## Activity
After the line containing "move=> i_gt0 j_gt0 liftA", write nothing more; before it, reproduce every line of the material below exactly, starting with the first.

Recorded information: Begin

(* The commutator of 1 + p^i X' and 1 + p^j Y' is
   1 + p^(i+j) A^-1 B^-1 [X', Y'], and A^-1 B^-1 = 1 modulo p. *)
Lemma lifts_gcomm i j A B X Y : (0 < i)%N -> (0 < j)%N ->
  sl_lift i A X -> sl_lift j B Y -> lifts (i + j) (gcomm A B) (X *m Y - Y *m X).
Proof.
move=> i_gt0 j_gt0 [detA liftA] [detB liftB].
have adjA1 := adj_congr1 detA (lifts_congr1_p i_gt0 liftA).
have adjB1 := adj_congr1 detB (lifts_congr1_p j_gt0 liftB).
have [X' [defA XX']] := lifts_exact liftA; have [Y' [defB YY']] := lifts_exact liftB.
apply: (@lifts_congr _ _ (X' *m Y' - Y' *m X')).
  by apply: congr_mxD; [|apply: congr_mxN]; apply: congr_mxM.
have commAB : A *m B = B *m A + (ppow i * ppow j) *: (X' *m Y' - Y' *m X').
  by rewrite defA defB mulmx_1addZC.
have -> : gcomm A B =
    1%:M + (ppow i * ppow j) *: ((\adj A *m \adj B) *m (X' *m Y' - Y' *m X')).
  rewrite /gcomm /sl_inv -!mulmxA commAB !mulmxDr -!scalemxAr !mulmxA.
  congr (_ + _); last by rewrite mulmxDr !mulmxA.
  by rewrite -(mulmxA (\adj A)) (adj_mulmx_det1 detB).1 mulmx1 (adj_mulmx_det1 detA).1.
rewrite /lifts -ppowD; apply: congr_mxD; first exact: congr_mx_refl.
rewrite ppowS; apply: congr_mxZ; rewrite -[X in congr_mx _ _ X]mul1mx.
by apply: congr_mxMr; rewrite -(mul1mx 1%:M); apply: congr_mxM.
Qed.

Lemma sl_lift_gcomm i j A B X Y : (0 < i)%N -> (0 < j)%N ->
  sl_lift i A X -> sl_lift j B Y -> sl_lift (i + j) (gcomm A B) (X *m Y - Y *m X).
Proof.
move=> i_gt0 j_gt0 liftA liftB; split; last exact: lifts_gcomm.
by apply: det_gcomm; [case: liftA | case: liftB].
Qed.

Lemma sl_lift_mul r A B X Y : (0 < r)%N ->
  sl_lift r A X -> sl_lift r B Y -> sl_lift r (A *m B) (X + Y).
Proof.
move=> r_gt0 [detA liftA] [detB liftB].
by split; [rewrite det_mulmx detA detB mulr1 | apply: lifts_mul].
Qed.
(* Let $p_1,\dots,p_m$ be complex polynomials and for $z\in\mathbb{D}^*$ let $K_z$ be the semigroup generated by the contractions $f_i:x\mapsto zx+p_i(z)$, $1\le i\le m$. Then there is a regular language $L$ over a finite alphabet of complex numbers such that a power series $e(z)=a_0+a_1z+a_2z^2+\cdots$ is $L$-regular if and only if $e\in\partial K_z$, i.e. $e$ is the function of $z$ given by an infinite composition of the generators $f_i$.
   Context: For a right-infinite sequence $s_1s_2s_3\cdots$ of indices in $\{1,\dots,m\}$, the associated infinite composition is $e(z)=\lim_{n\to\infty}f_{s_1}\circ f_{s_2}\circ\cdots\circ f_{s_n}(x)$, which is independent of $x$ and is a power series in $z$; $\partial K_z$ denotes the set of all such power series. Given a finite alphabet $S\subset\mathbb{C}$ and a prefix-closed regular language $L\subseteq S^*$, let $\overline{L}$ be the set of right-infinite words over $S$ all of whose finite prefixes lie in $L$; a power series $a_0+a_1z+a_2z^2+\cdots$ is called $L$-regular if $(a_0,a_1,a_2,\dots)\in\overline{L}$. *)

From mathcomp Require Import all_boot all_algebra.
From mathcomp Require Import complex reals.
Set Implicit Arguments. Unset Strict Implicit. Unset Printing Implicit Defensive.
Import GRing.Theory.
Local Open Scope ring_scope.

Record dfa (A : Type) := DFA {
  dfa_state : finType;
  dfa_start : dfa_state;
  dfa_final : pred dfa_state;
  dfa_trans : dfa_state -> A -> dfa_state }.

Definition dfa_accept (A : Type) (d : dfa A) (w : seq A) : bool :=
  @dfa_final A d (foldl (@dfa_trans A d) (@dfa_start A d) w).

Definition regular_lang (A : eqType) (S : seq A) (L : seq A -> Prop) : Prop :=
  exists d : dfa A, forall w, L w <-> (all (mem S) w /\ dfa_accept d w).

Definition prefix_closed (A : Type) (L : seq A -> Prop) : Prop :=
  forall u v : seq A, L (u ++ v) -> L u.

(* Lbar: right-infinite words all of whose finite prefixes lie in L.
   A power series with coefficient sequence a is L-regular iff a is in Lbar. *)
Definition L_regular (A : Type) (L : seq A -> Prop) (a : nat -> A) : Prop :=
  forall n, L (mkseq a n).

(* Finite composition f_{s_1} o ... o f_{s_n} (x), as a polynomial in z;
   the infinite word s_1 s_2 ... is represented by s : nat -> 'I_m with s_{k+1} = s k. *)
Definition gen_comp (R : realType) (m : nat) (p : 'I_m -> {poly R[i]})
    (s : nat -> 'I_m) (n : nat) (x : R[i]) : {poly R[i]} :=
  foldr (fun i q => 'X * q + p i) x%:P (mkseq s n).

(* e (given by its coefficient sequence a) is the limit (coefficientwise, i.e. in
   the z-adic topology of power series) of f_{s_1} o ... o f_{s_n}(x), for every x. *)
Definition comp_limit (R : realType) (m : nat) (p : 'I_m -> {poly R[i]})
    (s : nat -> 'I_m) (a : nat -> R[i]) : Prop :=
  forall (x : R[i]) (N : nat), exists n0 : nat, forall n : nat,
    (n0 <= n)%N -> (gen_comp p s n x)`_N = a N.

Definition in_boundary (R : realType) (m : nat) (p : 'I_m -> {poly R[i]})
    (a : nat -> R[i]) : Prop :=
  exists s : nat -> 'I_m, comp_limit p s a.

(* The N-th coefficient of f_{s_1} o ... o f_{s_n}(x) = sum_{k<n} z^k p_{s_{k+1}}(z) + z^n x
   is, as soon as n > N, the number sum_{k<=N} [z^(N-k)] p_{s_{k+1}}; when every p_i has size at
   most d, only the last d+1 letters s_{N-d+1}, ..., s_{N+1} contribute.  So the coefficient
   sequences of the finite compositions are emitted by a finite automaton whose states are these
   windows of letters and which guesses the next letter at each step; its determinisation
   recognises L.  Conversely, if every prefix of a coefficient sequence is emitted along some
   finite path, Koenig's lemma over the finite set of letters yields one infinite path, i.e. an
   infinite composition with that limit. *)

From Stdlib Require Import Classical ClassicalEpsilon.
From mathcomp Require Import all_boot all_algebra.
From mathcomp Require Import complex reals.
Import GRing.Theory.
Local Open Scope ring_scope.
Set Implicit Arguments. Unset Strict Implicit.

Lemma eq_in_mkseq (T : Type) (f g : nat -> T) n :
  (forall k, (k < n)%N -> f k = g k) -> mkseq f n = mkseq g n.
Proof. by move=> efg; apply/eq_in_map => k; rewrite mem_iota add0n => /efg. Qed.

Lemma take_mkseq (T : Type) (f : nat -> T) k n :
  take k (mkseq f n) = mkseq f (minn k n).
Proof. by rewrite /mkseq -map_take take_iota. Qed.

Lemma koenig (T : finType) (P : seq T -> Prop) :
  (forall u v, P (u ++ v) -> P u) -> (forall n, exists w, size w = n /\ P w) ->
  exists s : nat -> T, forall n, P (mkseq s n).
Proof.
move=> P_prefix P_long.
pose extendable u := forall n, exists v, size v = n /\ P (u ++ v).
have [t0 _] : exists t : T, True.
  by have [[|t w] [//= _ _]] := P_long 1%N; exists t.
have ext_step u : exists i, extendable u -> extendable (rcons u i).
  have [[i ext_ui]|no_i] := classic (exists i, extendable (rcons u i)); first by exists i.
  exists t0 => ext_u; exfalso.
  (* An extension of [u] longer than every bound [n_ i] would contradict one of them. *)
  have bad_len i : exists n, forall v, size v = n -> ~ P (rcons u i ++ v).
    apply: NNPP => good; apply: no_i; exists i => n.
    apply: NNPP => no_v; apply: good; exists n => v sv Pv; apply: no_v; by exists v.
  have [n_ bad] := fin_all_exists bad_len.
  have [[|i v] [//= [sv] Pv]] := ext_u (\max_i n_ i).+1.
  apply: (bad i (take (n_ i) v)); first by rewrite size_takel // sv leq_bigmax.
  by apply: (P_prefix _ (drop (n_ i) v)); rewrite -catA cat_take_drop cat_rcons.
have [next next_ext] := @ClassicalEpsilon.choice _ _ _ ext_step.
pose branch n := iter n (fun u => rcons u (next u)) [::].
have branch_ext n : extendable (branch n) by elim: n => [|n /next_ext].
exists (fun n => next (branch n)) => n.
have -> : mkseq (fun n => next (branch n)) n = branch n.
  by elim: n => // n IHn; rewrite mkseqS IHn.
by have [v [/size0nil -> Pv]] := branch_ext n 0%N; rewrite cats0 in Pv.
Qed.

Section IfsAutomaton.

Variables (R : realType) (m : nat) (p : 'I_m -> {poly R[i]}).

Definition word_poly (w : seq 'I_m) : {poly R[i]} := foldr (fun i q => 'X * q + p i) 0 w.

Lemma word_poly_cat u v : word_poly (u ++ v) = word_poly u + 'X^(size u) * word_poly v.
Proof.
elim: u => [|i u IHu] /=; first by rewrite add0r expr0 mul1r.
by rewrite IHu mulrDr addrAC mulrA -exprS.
Qed.

Lemma word_poly_rcons w i : word_poly (rcons w i) = word_poly w + 'X^(size w) * p i.
Proof. by rewrite -cats1 word_poly_cat /= mulr0 add0r. Qed.

Lemma gen_compE s n x : gen_comp p s n x = word_poly (mkseq s n) + 'X^n * x%:P.
Proof.
rewrite /gen_comp; move: (mkseq s n) (size_mkseq s n) => w <-.
elim: w => [|i w IHw] /=; first by rewrite add0r expr0 mul1r.
by rewrite IHw mulrDr addrAC mulrA -exprS.
Qed.

Lemma coef_word_poly_cat u v N : (N < size u)%N -> (word_poly (u ++ v))`_N = (word_poly u)`_N.
Proof. by move=> ltNu; rewrite word_poly_cat coefD coefXnM ltNu addr0. Qed.

Lemma coef_word_poly_take k w N : (N < k)%N -> (word_poly (take k w))`_N = (word_poly w)`_N.
Proof.
move=> ltNk; have [lt_kw|le_wk] := ltnP k (size w); last by rewrite take_oversize.
by rewrite -[in RHS](cat_take_drop k w) coef_word_poly_cat // size_takel // ltnW.
Qed.

Lemma coef_gen_comp s n x N : (N < n)%N -> (gen_comp p s n x)`_N = (word_poly (mkseq s n))`_N.
Proof. by move=> ltNn; rewrite gen_compE coefD coefXnM ltNn addr0. Qed.

(* Every composition starting with [w] has these first coefficients. *)
Definition coef_prefix (w : seq 'I_m) : seq R[i] := mkseq (fun N => (word_poly w)`_N) (size w).

Lemma size_coef_prefix w : size (coef_prefix w) = size w.
Proof. exact: size_mkseq. Qed.

Lemma coef_prefix_take k w : coef_prefix (take k w) = take k (coef_prefix w).
Proof.
rewrite /coef_prefix take_mkseq size_take_min; apply: eq_in_mkseq => N.
by rewrite leq_min => /andP[ltNk _]; rewrite coef_word_poly_take.
Qed.

Lemma comp_limitE s a : comp_limit p s a <-> forall n, coef_prefix (mkseq s n) = mkseq a n.
Proof.
split=> [lim_a n | pre_a x N].
  rewrite /coef_prefix size_mkseq; apply: eq_in_mkseq => N ltNn.
  have [n0 lim_n0] := lim_a 0 N; pose n' := maxn n0 n.
  have le_nn' : (n <= n')%N by rewrite leq_maxr.
  rewrite -(lim_n0 n') ?leq_maxl // coef_gen_comp ?(leq_trans ltNn) //.
  by rewrite -(coef_word_poly_take (mkseq s n') ltNn) take_mkseq (minn_idPl le_nn').
exists N.+1 => n ltNn; rewrite coef_gen_comp //.
by have := congr1 (nth 0 ^~ N) (pre_a n); rewrite /coef_prefix size_mkseq !nth_mkseq.
Qed.

Lemma exists_branch a : (forall n, exists w, coef_prefix w = mkseq a n) ->
  exists s, forall n, coef_prefix (mkseq s n) = mkseq a n.
Proof.
move=> pre_a.
have [|n|s pre_s] := @koenig _ (fun w => coef_prefix w = mkseq a (size w)).
- move=> u v pre_uv; rewrite -{1}(take_size_cat v (erefl (size u))) coef_prefix_take.
  by rewrite pre_uv take_mkseq size_cat (minn_idPl (leq_addr _ _)).
- have [w pre_w] := pre_a n; exists w.
  by rewrite -(size_coef_prefix w) pre_w size_mkseq.
by exists s => n; rewrite pre_s size_mkseq.
Qed.

Section Window.

Variable d : nat.
Hypothesis size_p : forall i, (size (p i) <= d)%N.

Local Notation window_t := {ffun 'I_d.+1 -> option 'I_m}.

Definition letter_coef (o : option 'I_m) (k : nat) : R[i] :=
  if o is Some i then (p i)`_k else 0.

Lemma letter_coef_high o k : (d <= k)%N -> letter_coef o k = 0.
Proof. by case: o => [i|] //= le_dk; apply: nth_default; apply: leq_trans (size_p i) le_dk. Qed.

Definition window (w : seq 'I_m) : window_t :=
  [ffun j : 'I_d.+1 => nth None (rev (map Some w)) j].

Definition push (u : window_t) (i : 'I_m) : window_t :=
  [ffun j : 'I_d.+1 => if val j is j'.+1 then u (inord j') else Some i].

Definition window_weight (u : window_t) : R[i] := \sum_(j < d.+1) letter_coef (u j) j.

Lemma window_rcons w i : window (rcons w i) = push (window w) i.
Proof.
apply/ffunP => -[[|j] ltjd]; rewrite !ffunE -cats1 map_cat rev_cat //=.
by rewrite ffunE inordK // ltnW.
Qed.

Lemma push_lift u i (j : 'I_d) : push u i (lift ord0 j) = u (widen_ord (leqnSn d) j).
Proof. by rewrite ffunE /= add0n; congr (u _); apply/val_inj; rewrite /= inordK // ltnS ltnW. Qed.

Lemma coef_word_poly_tail w e :
  (word_poly w)`_(size w + e) = \sum_(j < d.+1) letter_coef (window w j) (j.+1 + e).
Proof.
elim/last_ind: w e => [|w i IHw] e.
  by rewrite /= coef0 big1 // => j _; rewrite ffunE nth_nil.
rewrite word_poly_rcons coefD coefXnM size_rcons addSnnS IHw ltnNge leq_addr addKn /=.
rewrite big_ord_recr big_ord_recl /= letter_coef_high ?addr0; last first.
  by rewrite addSn ltnW // ltnS leq_addr.
rewrite window_rcons ffunE addrC; congr (_ + _); apply: eq_bigr => j _.
by rewrite push_lift /bump leq0n add1n [in RHS]addSnnS.
Qed.

Lemma coef_word_poly_last w i :
  (word_poly (rcons w i))`_(size w) = window_weight (window (rcons w i)).
Proof.
rewrite word_poly_rcons coefD coefXnM ltnn subnn -{1}[size w]addn0 coef_word_poly_tail.
rewrite /window_weight big_ord_recr big_ord_recl /= letter_coef_high ?addr0 ?addn0 //.
rewrite window_rcons ffunE addrC; congr (_ + _); apply: eq_bigr => j _.
by rewrite push_lift /bump leq0n add1n addn0.
Qed.

Lemma coef_prefix_rcons w i :
  coef_prefix (rcons w i) = rcons (coef_prefix w) (window_weight (window (rcons w i))).
Proof.
rewrite /coef_prefix size_rcons mkseqS -coef_word_poly_last; congr rcons.
by apply: eq_in_mkseq => N ltNw; rewrite -cats1 coef_word_poly_cat.
Qed.

(* Subset construction: a state is the set of windows reached along the paths that emit
   the word read so far. *)
Definition step (X : {set window_t}) (x : R[i]) : {set window_t} :=
  [set u | [exists v in X, exists i, (u == push v i) && (window_weight u == x)]].

Definition ifs_dfa : dfa R[i] := DFA [set window [::]] (fun X => X != set0) step.

Lemma mem_reach w u :
  u \in foldl step [set window [::]] w <-> exists l, coef_prefix l = w /\ window l = u.
Proof.
elim/last_ind: w u => [|w x IHw] u.
  rewrite inE; split=> [/eqP->|[l [/(congr1 size)]]]; first by exists [::].
  by rewrite size_coef_prefix => /size0nil-> <-.
rewrite foldl_rcons inE; split.
  case/existsP=> v /andP[/IHw[l [pre_l win_l]] /existsP[i /andP[/eqP-> /eqP wx]]].
  by exists (rcons l i); rewrite coef_prefix_rcons window_rcons pre_l win_l wx.
move=> [l [pre_l <-]]; case/lastP: l pre_l => [|l i].
  by move/(congr1 size); rewrite size_coef_prefix size_rcons.
rewrite coef_prefix_rcons => /rcons_inj[pre_l wx].
apply/existsP; exists (window l); apply/andP; split; first by apply/IHw; exists l.
by apply/existsP; exists i; rewrite {1}window_rcons eqxx wx eqxx.
Qed.

Lemma ifs_dfa_accept w : dfa_accept ifs_dfa w <-> exists l, coef_prefix l = w.
Proof.
rewrite /dfa_accept /=; split=> [/set0Pn[u /mem_reach[l [pre_l _]]]|[l pre_l]].
  by exists l.
by apply/set0Pn; exists (window l); apply/mem_reach; exists l.
Qed.

Definition alphabet : seq R[i] := codom window_weight.

Lemma coef_prefix_alphabet l : all (mem alphabet) (coef_prefix l).
Proof.
elim/last_ind: l => [//|l i IHl].
by rewrite coef_prefix_rcons all_rcons IHl andbT; apply: codom_f.
Qed.

Definition ifs_lang (w : seq R[i]) : Prop := all (mem alphabet) w /\ dfa_accept ifs_dfa w.

Lemma ifs_langE w : ifs_lang w <-> exists l, coef_prefix l = w.
Proof.
split=> [[_ /ifs_dfa_accept //]|[l pre_l]].
by split; [rewrite -pre_l; apply: coef_prefix_alphabet | apply/ifs_dfa_accept; exists l].
Qed.

End Window.

End IfsAutomaton.

Theorem proposition4p3p2 (R : realType) (m : nat) (p : 'I_m -> {poly R[i]}) :
  exists (S : seq R[i]) (L : seq R[i] -> Prop),
    [/\ regular_lang S L, prefix_closed L &
        forall a : nat -> R[i], L_regular L a <-> in_boundary p a].
Proof.
pose d := (\max_i size (p i))%N.
have size_p i : (size (p i) <= d)%N by apply: leq_bigmax.
exists (alphabet p d), (ifs_lang p d); split.
- by exists (ifs_dfa p d).
- move=> u v /(ifs_langE size_p)[l pre_l]; apply/(ifs_langE size_p).
  by exists (take (size u) l); rewrite coef_prefix_take pre_l take_size_cat.
move=> a; split=> [lang_a | [s /comp_limitE pre_s] n].
  have [s pre_s] := exists_branch (fun n => (ifs_langE size_p _).1 (lang_a n)).
  by exists s; apply/comp_limitE.
by apply/(ifs_langE size_p); exists (mkseq s n).
Qed.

Recorded information: End

## Finished task
(* The commutator of 1 + p^i X' and 1 + p^j Y' is
   1 + p^(i+j) A^-1 B^-1 [X', Y'], and A^-1 B^-1 = 1 modulo p. *)
Lemma lifts_gcomm i j A B X Y : (0 < i)%N -> (0 < j)%N ->
  sl_lift i A X -> sl_lift j B Y -> lifts (i + j) (gcomm A B) (X *m Y - Y *m X).
Proof.
move=> i_gt0 j_gt0 [detA liftA] [detB liftB].
have adjA1 := adj_congr1 detA (lifts_congr1_p i_gt0 liftA).
have adjB1 := adj_congr1 detB (lifts_congr1_p j_gt0 liftB).
have [X' [defA XX']] := lifts_exact liftA; have [Y' [defB YY']] := lifts_exact liftB.
apply: (@lifts_congr _ _ (X' *m Y' - Y' *m X')).
  by apply: congr_mxD; [|apply: congr_mxN]; apply: congr_mxM.
have commAB : A *m B = B *m A + (ppow i * ppow j) *: (X' *m Y' - Y' *m X').
  by rewrite defA defB mulmx_1addZC.
have -> : gcomm A B =
    1%:M + (ppow i * ppow j) *: ((\adj A *m \adj B) *m (X' *m Y' - Y' *m X')).
  rewrite /gcomm /sl_inv -!mulmxA commAB !mulmxDr -!scalemxAr !mulmxA.
  congr (_ + _); last by rewrite mulmxDr !mulmxA.
  by rewrite -(mulmxA (\adj A)) (adj_mulmx_det1 detB).1 mulmx1 (adj_mulmx_det1 detA).1.
rewrite /lifts -ppowD; apply: congr_mxD; first exact: congr_mx_refl.
rewrite ppowS; apply: congr_mxZ; rewrite -[X in congr_mx _ _ X]mul1mx.
by apply: congr_mxMr; rewrite -(mul1mx 1%:M); apply: congr_mxM.
Qed.

Lemma sl_lift_gcomm i j A B X Y : (0 < i)%N -> (0 < j)%N ->
  sl_lift i A X -> sl_lift j B Y -> sl_lift (i + j) (gcomm A B) (X *m Y - Y *m X).
Proof.
move=> i_gt0 j_gt0 liftA liftB; split; last exact: lifts_gcomm.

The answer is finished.